Suppose we want to understand mortality over time for each country

Observations: 1,704
Variables: 6
$ country   <fctr> Afghanistan, Afghanistan, Afghanistan, Afghanistan, Afgh...
$ continent <fctr> Asia, Asia, Asia, Asia, Asia, Asia, Asia, Asia, Asia, As...
$ year      <int> 1952, 1957, 1962, 1967, 1972, 1977, 1982, 1987, 1992, 199...
$ lifeExp   <dbl> 28.801, 30.332, 31.997, 34.020, 36.088, 38.438, 39.854, 4...
$ pop       <int> 8425333, 9240934, 10267083, 11537966, 13079460, 14880372,...
$ gdpPercap <dbl> 779.4453, 820.8530, 853.1007, 836.1971, 739.9811, 786.113...
glimpse(gapminder)
qplot(year, lifeExp, data = gapminder, 
  color = country, geom = "line")

Yikes! There are a lot of countries...

qplot(year, lifeExp, data = gapminder, color = continent,
  group = country, geom = "line")

Still too much going on...

qplot(year, lifeExp, data = gapminder, color = continent,
  group = country, geom = "line") +
    facet_wrap(~ continent, nrow = 1)

That helped a little...

p <- qplot(year, lifeExp, data = gapminder, color = continent,
  group = country, geom = "line") +
    facet_wrap(~ continent, nrow = 1)
plotly::ggplotly(p)

This helps but there is still a lot of overplotting...

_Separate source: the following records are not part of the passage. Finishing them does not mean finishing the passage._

Definition prolong3 (xi eta phi : R -> R -> R -> R) (F : difffun)
  (u : R -> R -> R) (x t : R) : R :=
  let J := jet2 u x t in
  xi x t (u x t) * Derive (fun y => F y t J) x
  + eta x t (u x t) * Derive (fun s => F x s J) t
  + sum_n (fun i => sum_n (fun j =>
        if Nat.leb (i + j) 3 then prol_coef xi eta phi u i j x t * dJ F x t J i j
        else 0) 3) 3.

(* infinitesimal symmetry of a third-order equation F = 0:
   Pr^(3) v [F] = 0 whenever F = 0 (on jet space; every 3-jet is realized
   by a smooth (polynomial) function u). *)
Definition is_symmetry3 (F : difffun) (xi eta phi : R -> R -> R -> R) : Prop :=
  forall u : R -> R -> R, smooth2 u ->
  forall x t : R, F x t (jet2 u x t) = 0 -> prolong3 xi eta phi F u x t = 0.

Definition HR (a : R) : difffun :=
  fun x t J => J 0%nat 1%nat - J 2%nat 1%nat + a * J 1%nat 0%nat * (1 - J 0%nat 1%nat).

Definition vfield := ((R -> R -> R -> R) * (R -> R -> R -> R) * (R -> R -> R -> R))%type.
Definition v1 : vfield := (fun _ _ _ => 1, fun _ _ _ => 0, fun _ _ _ => 0).
Definition v2 : vfield := (fun _ _ _ => 0, fun _ _ _ => 1, fun _ _ _ => 0).
Definition v3 (a : R) : vfield := (fun _ _ _ => 0, fun _ _ _ => 0, fun _ _ _ => 1 / a).
Definition v4 (a : R) : vfield :=
  (fun x _ _ => - x, fun _ t _ => 3 * t, fun x t u => 2 * t + u - 2 * x / a).
Definition vxi (v : vfield) := fst (fst v).
Definition veta (v : vfield) := snd (fst v).
Definition vphi (v : vfield) := snd v.

(* On solutions, Pr^(3) v [u_t - u_xxt + a u_x (1 - u_t)] at a point depends only on the
   partial derivatives of xi, eta, phi at (x, t, u) and on the 3-jet of u; eliminating u_xxt by
   the equation leaves a polynomial in the free jet coordinates u_x, u_t, u_xx, u_xt, u_tt,
   u_xxx, u_xtt.  Every such jet is the jet at that point of a cubic polynomial solving the
   equation there, so v is a symmetry iff this polynomial vanishes identically.  Evaluating it
   at 0/1 jets isolates its coefficients: xi_t = xi_u = eta_x = eta_u = 0, phi_uu = phi_tu = 0,
   phi_u = - xi_x, phi_t = eta_t + xi_x and xi_xx = 2 phi_xu.  Differentiating phi_u = - xi_x
   in x forces xi_xx = 0; with the two lowest-order coefficients this makes every first partial
   derivative of xi, eta and phi constant and determined by c1 = eta_t.  Conversely the
   resulting affine fields annihilate the polynomial identically. *)

From Stdlib Require Import Reals Lra FunctionalExtensionality.
From Coquelicot Require Import Coquelicot.
Open Scope R_scope.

qplot(year, lifeExp, data = gapminder) + theme_bw() +
  facet_wrap(~ country + continent)
qplot(year, lifeExp, data = gapminder) + theme_bw() +
  facet_trelliscope(~ country + continent, nrow = 2, ncol = 7, width = 300)

Note: this and future plots in this presentation are interactive - feel free to explore!

qplot(year, lifeExp, data = gapminder) + theme_bw() +
  facet_trelliscope(~ country + continent,
    nrow = 2, ncol = 7, width = 300, as_plotly = TRUE)

TrelliscopeJS

JavaScript Library

R Package

trelliscopejs-lib
trelliscopejs
  • Built using React
  • Pure JavaScript
  • Interface agnostic
  • No special server requirements 
  • htmlwidget interface to trelliscopejs-lib
  • Evolved from older CRAN "trelliscope" package
devtools::install_github("hafen/trelliscopejs")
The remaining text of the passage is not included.